◆ **DATA EXCERPTS**:
(* Let $S$ be a local ring, let $a_1,\ldots,a_d$ be a regular sequence in $S$, and let $J=(a_1,\ldots,a_d)$. Let $L$ be an $S$-module of finite length with $J\subseteq \operatorname{ann} L$. Then for every integer $n\geq 1$, $$\lambda\big(\operatorname{Tor}_1^S(L,S/J^n)\big)=\binom{n+d-1}{d-1}\lambda(L).$$
   Context: $\lambda(M)$ denotes the length of an $S$-module $M$. *)

From HB Require Import structures.
From mathcomp Require Import all_boot all_order all_algebra.
From Stdlib Require List.
Set Implicit Arguments. Unset Strict Implicit. Unset Printing Implicit Defensive.
Import Order.TTheory GRing.Theory.
Local Open Scope ring_scope.

Section CommAlg.
Variable S : comNzRingType.

Definition is_ideal (P : S -> Prop) : Prop :=
  P 0 /\ (forall x y, P x -> P y -> P (x + y)) /\ (forall r x, P x -> P (r * x)).

Definition is_maximal_ideal (M : S -> Prop) : Prop :=
  is_ideal M /\ ~ M 1 /\
  (forall N : S -> Prop, is_ideal N -> ~ N 1 -> (forall x, M x -> N x) ->
     forall x, N x -> M x).

Definition local_ring : Prop :=
  exists M, is_maximal_ideal M /\
    forall N, is_maximal_ideal N -> forall x, N x <-> M x.

Definition ideal_of {I : Type} (Q : I -> Prop) (g : I -> S) (x : S) : Prop :=
  exists s : seq (S * I), (forall p, List.In p s -> Q p.2) /\
    x = \sum_(p <- s) p.1 * g p.2.

Definition regular_sequence (d : nat) (a : 'I_d -> S) : Prop :=
  (forall i : 'I_d, forall x : S,
     ideal_of (fun j : 'I_d => (j < i)%N) a (a i * x) ->
     ideal_of (fun j : 'I_d => (j < i)%N) a x) /\
  ~ ideal_of (fun _ => True) a 1.

Section Modules.
Variable V : lmodType S.

Definition is_submodule (P : V -> Prop) : Prop :=
  P 0 /\ forall (r : S) x y, P x -> P y -> P (r *: x + y).

Definition strict_chain (B Z : V -> Prop) (k : nat) (c : nat -> V -> Prop) : Prop :=
  (forall i, (i <= k)%N -> is_submodule (c i)) /\
  (forall x, c 0%N x <-> B x) /\ (forall x, c k x <-> Z x) /\
  (forall i, (i < k)%N -> (forall x, c i x -> c i.+1 x) /\ exists x, c i.+1 x /\ ~ c i x).

Definition quot_length (B Z : V -> Prop) (n : nat) : Prop :=
  (exists c, strict_chain B Z n c) /\
  (forall k c, strict_chain B Z k c -> (k <= n)%N).

End Modules.

Definition module_length (L : lmodType S) (n : nat) : Prop :=
  quot_length (fun x : L => x = 0) (fun _ => True) n.

Definition annihilates (P : S -> Prop) (L : lmodType S) : Prop :=
  forall r, P r -> forall x : L, r *: x = 0.

(* Tor_1^S(L, S/I) where I is the ideal generated by g : I -> S (I finite).
   Computed from the free presentation  F2 -> S^I -> S -> S/I -> 0
   (S^I -> S sends e_i to g i; F2 maps onto the syzygies of g):
   after tensoring with L, Tor_1 = Z / B with
     Z = { f in L^I | sum_i g i *: f i = 0 },
     B = image of L (x) Syz(g) = span { (k i *: y)_i | k syzygy, y in L }. *)
Definition tor1_cycles {I : finType} (g : I -> S) (L : lmodType S)
  (f : {ffun I -> L}) : Prop := \sum_i g i *: f i = 0.

Definition syzygy {I : finType} (g : I -> S) (k : I -> S) : Prop :=
  \sum_i k i * g i = 0.

Definition tor1_boundaries {I : finType} (g : I -> S) (L : lmodType S)
  (f : {ffun I -> L}) : Prop :=
  exists s : seq ((I -> S) * L), (forall p, List.In p s -> syzygy g p.1) /\
    f = \sum_(p <- s) [ffun i => p.1 i *: p.2].

Definition tor1_length {I : finType} (g : I -> S) (L : lmodType S) (n : nat) : Prop :=
  quot_length (tor1_boundaries g (L := L)) (tor1_cycles g (L := L)) n.

(* the monomials of degree n in a_1..a_d: these generate J^n *)
Definition pow_gens (d n : nat) (a : 'I_d -> S) (t : n.-tuple 'I_d) : S :=
  \prod_(j <- t) a j.

End CommAlg.

(* binomial coefficient with an integer lower index, 'C(m, k) = 0 for k < 0
   (standard convention; matters only for d = 0 in binom(n+d-1, d-1)) *)
Definition binomZ (m : nat) (k : int) : nat :=
  match k with Posz k' => 'C(m, k') | Negz _ => 0%N end.

From mathcomp Require Import all_boot all_order all_algebra.
From Stdlib Require Import Classical.
Set Implicit Arguments. Unset Strict Implicit. Unset Printing Implicit Defensive.
Import Order.TTheory GRing.Theory.
Local Open Scope ring_scope.

(* Index the generators of J^n by the words t of length n in d letters.  As J
   kills L, every vector of L^words is a cycle, and the boundaries are spanned by
   the vectors (k t *: y)_t with k a syzygy of the monomials a^t.  A regular
   sequence is quasi-regular: every homogeneous relation among the monomials of
   degree n has all its coefficients in J, i.e. J^n / J^(n+1) is free over S/J on
   the monomials.  Hence summing a vector over the words with the same multiset
   of letters identifies Tor_1 with L^M, where M is the set of multisets of size
   n, so its length is #|M| * lambda(L) = C(n+d-1, d-1) * lambda(L).
   Quasi-regularity is proved by induction on the number of letters, splitting
   off the last one and cancelling it by the non-zerodivisor hypothesis. *)

Section IdealOf.
Variables (S : comNzRingType) (I : Type) (Q : I -> Prop) (g : I -> S).
Local Notation J := (ideal_of Q g).

Lemma ideal_of0 : J 0.
Proof. by exists [::]; split => //; rewrite big_nil. Qed.

Lemma ideal_ofD x y : J x -> J y -> J (x + y).
Proof.
move=> [s1 [H1 ->]] [s2 [H2 ->]]; exists (s1 ++ s2); split; last by rewrite big_cat.
by move=> p /(List.in_app_or s1 s2 p) [/H1|/H2].
Qed.

Lemma ideal_ofMl r x : J x -> J (r * x).
Proof.
move=> [s [Hs ->]]; exists [seq (r * p.1, p.2) | p <- s]; split.
  by move=> p /List.in_map_iff [q [<- /Hs]].
by rewrite big_map mulr_sumr; apply: eq_bigr => p _; rewrite mulrA.
Qed.

Lemma ideal_ofMr r x : J x -> J (x * r).
Proof. by rewrite mulrC; apply: ideal_ofMl. Qed.

Lemma ideal_of_gen j : Q j -> J (g j).
Proof. by move=> Qj; exists [:: (1, j)]; split => [p [<-|]|]; rewrite // big_seq1 mul1r. Qed.

Lemma ideal_of_ind (P : S -> Prop) :
  P 0 -> (forall r j y, Q j -> P y -> P (r * g j + y)) ->
  forall x, J x -> P x.
Proof.
move=> P0 PS _ [s [Hs ->]]; elim: s Hs => [|[r j] s IH] Hs; first by rewrite big_nil.
rewrite big_cons; apply: PS; first exact: (Hs (r, j)) (or_introl _).
by apply: IH => p ps; apply: Hs; right.
Qed.

Lemma ideal_of_sum (T : eqType) (r : seq T) (P : pred T) (F : T -> S) :
  (forall i, i \in r -> P i -> J (F i)) -> J (\sum_(i <- r | P i) F i).
Proof.
move=> JF; rewrite big_seq_cond; apply: big_ind => [|x y|i /andP[]].
- exact: ideal_of0.
- exact: ideal_ofD.
- exact: JF.
Qed.

End IdealOf.

Lemma ideal_of_sub (S : comNzRingType) (I : Type) (Q Q' : I -> Prop) (g : I -> S) x :
  (forall j, Q j -> Q' j) -> ideal_of Q g x -> ideal_of Q' g x.
Proof. by move=> QQ' [s [Hs ->]]; exists s; split => // p /Hs /QQ'. Qed.

Lemma big_group_undup (V : nmodType) (X Y : eqType) (s : seq X) (key : X -> Y)
    (F : X -> V) :
  \sum_(x <- s) F x = \sum_(y <- undup (map key s)) \sum_(x <- s | key x == y) F x.
Proof.
under [RHS]eq_bigr do rewrite big_mkcond.
rewrite exchange_big /=; apply: eq_big_seq => x xs.
rewrite (bigD1_seq (key x)) ?undup_uniq ?mem_undup ?map_f //= eqxx big1 ?addr0 //.
by move=> y /negPf; rewrite eq_sym => ->.
Qed.

Lemma sum_delta (R : pzSemiRingType) (T : finType) (t : T) (F : T -> R) :
  \sum_u (u == t)%:R * F u = F t.
Proof. by rewrite (bigD1 t) //= eqxx mul1r big1 ?addr0 // => u /negPf ->; rewrite mul0r. Qed.

Section Forms.
Variables (S : comNzRingType) (d : nat) (a : 'I_d -> S).

Local Notation word := (seq 'I_d).
Local Notation form := (seq (S * word)).
Local Notation J k := (ideal_of (fun j : 'I_d => (j < k)%N) a).

(* A form is a formal S-combination of words in the letters 'I_d, evaluated at
   a; as S is commutative a word stands for a monomial up to rearrangement, so
   the coefficient of a monomial collects all its rearrangements.  [pow_ideal k n]
   is (J k)^n, the ideal of values of forms of degree n in the first k letters. *)
Definition monomial (w : word) : S := \prod_(j <- w) a j.
Definition eval_form (p : form) : S := \sum_(q <- p) q.1 * monomial q.2.
Definition form_coef (p : form) (m : word) : S := \sum_(q <- p | perm_eq q.2 m) q.1.
Definition homogeneous (n k : nat) (p : form) : Prop :=
  forall q, q \in p -> size q.2 = n /\ all (fun j : 'I_d => (j < k)%N) q.2.
Definition scale_form (r : S) (p : form) : form := [seq (r * q.1, q.2) | q <- p].

Definition pow_ideal (k n : nat) (x : S) : Prop :=
  exists p, homogeneous n k p /\ x = eval_form p.

Definition quasi_regular_in_degree (k n : nat) : Prop :=
  forall p, homogeneous n k p -> eval_form p = 0 -> forall m, J k (form_coef p m).

Definition quasi_regular (k : nat) : Prop := forall n, quasi_regular_in_degree k n.

Definition nonzerodivisor_mod (k : nat) (z : S) : Prop :=
  forall y, J k (z * y) -> J k y.

Lemma eval_form_cat p1 p2 : eval_form (p1 ++ p2) = eval_form p1 + eval_form p2.
Proof. exact: big_cat. Qed.

Lemma form_coef_cat p1 p2 m : form_coef (p1 ++ p2) m = form_coef p1 m + form_coef p2 m.
Proof. exact: big_cat. Qed.

Lemma eval_form_scale r p : eval_form (scale_form r p) = r * eval_form p.
Proof. by rewrite /eval_form big_map mulr_sumr; apply: eq_bigr => q _; rewrite mulrA. Qed.

Lemma form_coef_scale r p m : form_coef (scale_form r p) m = r * form_coef p m.
Proof. by rewrite /form_coef big_map mulr_sumr. Qed.

Lemma homogeneous_cat n k p1 p2 :
  homogeneous n k p1 -> homogeneous n k p2 -> homogeneous n k (p1 ++ p2).
Proof. by move=> H1 H2 q; rewrite mem_cat => /orP [/H1|/H2]. Qed.

Lemma homogeneous_scale n k r p : homogeneous n k p -> homogeneous n k (scale_form r p).
Proof. by move=> H q /mapP [q' /H qH ->]. Qed.

Lemma homogeneous_le n k k' p : (k <= k')%N -> homogeneous n k p -> homogeneous n k' p.
Proof.
move=> kk' H q /H [sq /allP lt_k]; split => //; apply/allP => j /lt_k jk.
exact: leq_trans jk kk'.
Qed.

Lemma monomial_perm w w' : perm_eq w w' -> monomial w = monomial w'.
Proof. exact: perm_big. Qed.

Lemma quasi_regular_eq k n p p' : quasi_regular_in_degree k n ->
  homogeneous n k p -> homogeneous n k p' -> eval_form p = eval_form p' ->
  forall m, J k (form_coef p m - form_coef p' m).
Proof.
move=> qr hp hp' ep m; rewrite -mulN1r -form_coef_scale -form_coef_cat.
apply: qr (homogeneous_cat hp (homogeneous_scale (r := -1) hp')) _ m.
by rewrite eval_form_cat eval_form_scale ep mulN1r subrr.
Qed.

Definition absorb_head (q : S * word) : S * word :=
  if q.2 is j :: w then (q.1 * a j, w) else q.

Definition lower_form (p : form) : form := map absorb_head p.

Lemma lower_formP n k p : homogeneous n.+1 k p ->
  [/\ homogeneous n k (lower_form p), eval_form (lower_form p) = eval_form p
    & forall m, J k (form_coef (lower_form p) m)].
Proof.
move=> hp; split.
- by move=> q /mapP [[c [|j w]] /hp [//= [sw] /andP [_ al]] ->].
- rewrite /eval_form /lower_form big_map; apply: eq_big_seq => [[c [|j w]]] /hp //= _.
  by rewrite /monomial big_cons mulrA.
- move=> m; apply: ideal_of_sum => _ /mapP [[c [|j w]] /hp [//= _ /andP [jk _]] ->] _.
  exact/ideal_ofMl/ideal_of_gen.
Qed.

Lemma pow_idealS k n x : pow_ideal k n.+1 x -> pow_ideal k n x.
Proof. by move=> [p [hp ->]]; have [hp' ep _] := lower_formP hp; exists (lower_form p). Qed.

Lemma pow_ideal_monomial k n r w :
  size w = n -> all (fun j : 'I_d => (j < k)%N) w -> pow_ideal k n (r * monomial w).
Proof.
move=> sw al; exists [:: (r, w)]; split; first by move=> q; rewrite inE => /eqP ->.
by rewrite /eval_form big_seq1.
Qed.

Lemma pow_ideal0 k n : pow_ideal k n 0.
Proof. by exists [::]; rewrite /eval_form big_nil. Qed.

Lemma pow_idealD k n x y : pow_ideal k n x -> pow_ideal k n y -> pow_ideal k n (x + y).
Proof.
move=> [p [hp ->]] [p' [hp' ->]]; exists (p ++ p').
by rewrite eval_form_cat; split => //; apply: homogeneous_cat.
Qed.

Lemma pow_ideal_sum k n (T : eqType) (r : seq T) (P : pred T) (F : T -> S) :
  (forall i, i \in r -> P i -> pow_ideal k n (F i)) ->
  pow_ideal k n (\sum_(i <- r | P i) F i).
Proof.
move=> PF; rewrite big_seq_cond; apply: big_ind => [|x y|i /andP[]].
- exact: pow_ideal0.
- exact: pow_idealD.
- exact: PF.
Qed.

(* Grouping the words of p by their sorted rearrangement writes eval_form p as
   a combination of the monomials with the coefficients form_coef p m. *)
Lemma pow_ideal_of_coefs n k p : homogeneous n k p ->
  (forall m, J k (form_coef p m)) -> pow_ideal k n.+1 (eval_form p).
Proof.
move=> hp Jcoef; pose key (q : S * word) := sort <=%O q.2.
have -> : eval_form p = \sum_(q <- p) q.1 * monomial (key q).
  by apply: eq_bigr => q _; congr (_ * _); apply: monomial_perm; rewrite perm_sym perm_sort.
rewrite (big_group_undup _ key); apply: pow_ideal_sum => m0.
rewrite mem_undup => /mapP [[c w] qp ->] _.
have [sw al] := hp _ qp.
have -> : \sum_(q <- p | key q == key (c, w)) q.1 * monomial (key q)
          = form_coef p w * monomial (sort <=%O w).
  rewrite /form_coef mulr_suml; apply: eq_big => [q|q /eqP ->] //.
  exact: (sameP eqP (perm_sort_leP _ _)).
move: (form_coef p w) (Jcoef w); apply: ideal_of_ind => [|r j y jk IH].
  by rewrite mul0r; apply: pow_ideal0.
rewrite mulrDl; apply: pow_idealD => //.
have -> : r * a j * monomial (sort <=%O w) = r * monomial (j :: sort <=%O w).
  by rewrite /monomial big_cons mulrA.
apply: pow_ideal_monomial.
  by rewrite /= size_sort sw.
by rewrite /= all_sort jk.
Qed.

◆ **TASK DIRECTIONS**: Print again the lines of the entries above that fall between the line holding "Lemma homogeneous_cat n" and the line holding "Proof. by move=> H q", inclusive, exactly as they stand.

◆ **RESPONSE BELOW**:
Lemma homogeneous_cat n k p1 p2 :
  homogeneous n k p1 -> homogeneous n k p2 -> homogeneous n k (p1 ++ p2).
Proof. by move=> H1 H2 q; rewrite mem_cat => /orP [/H1|/H2]. Qed.

Lemma homogeneous_scale n k r p : homogeneous n k p -> homogeneous n k (scale_form r p).
Proof. by move=> H q /mapP [q' /H qH ->]. Qed.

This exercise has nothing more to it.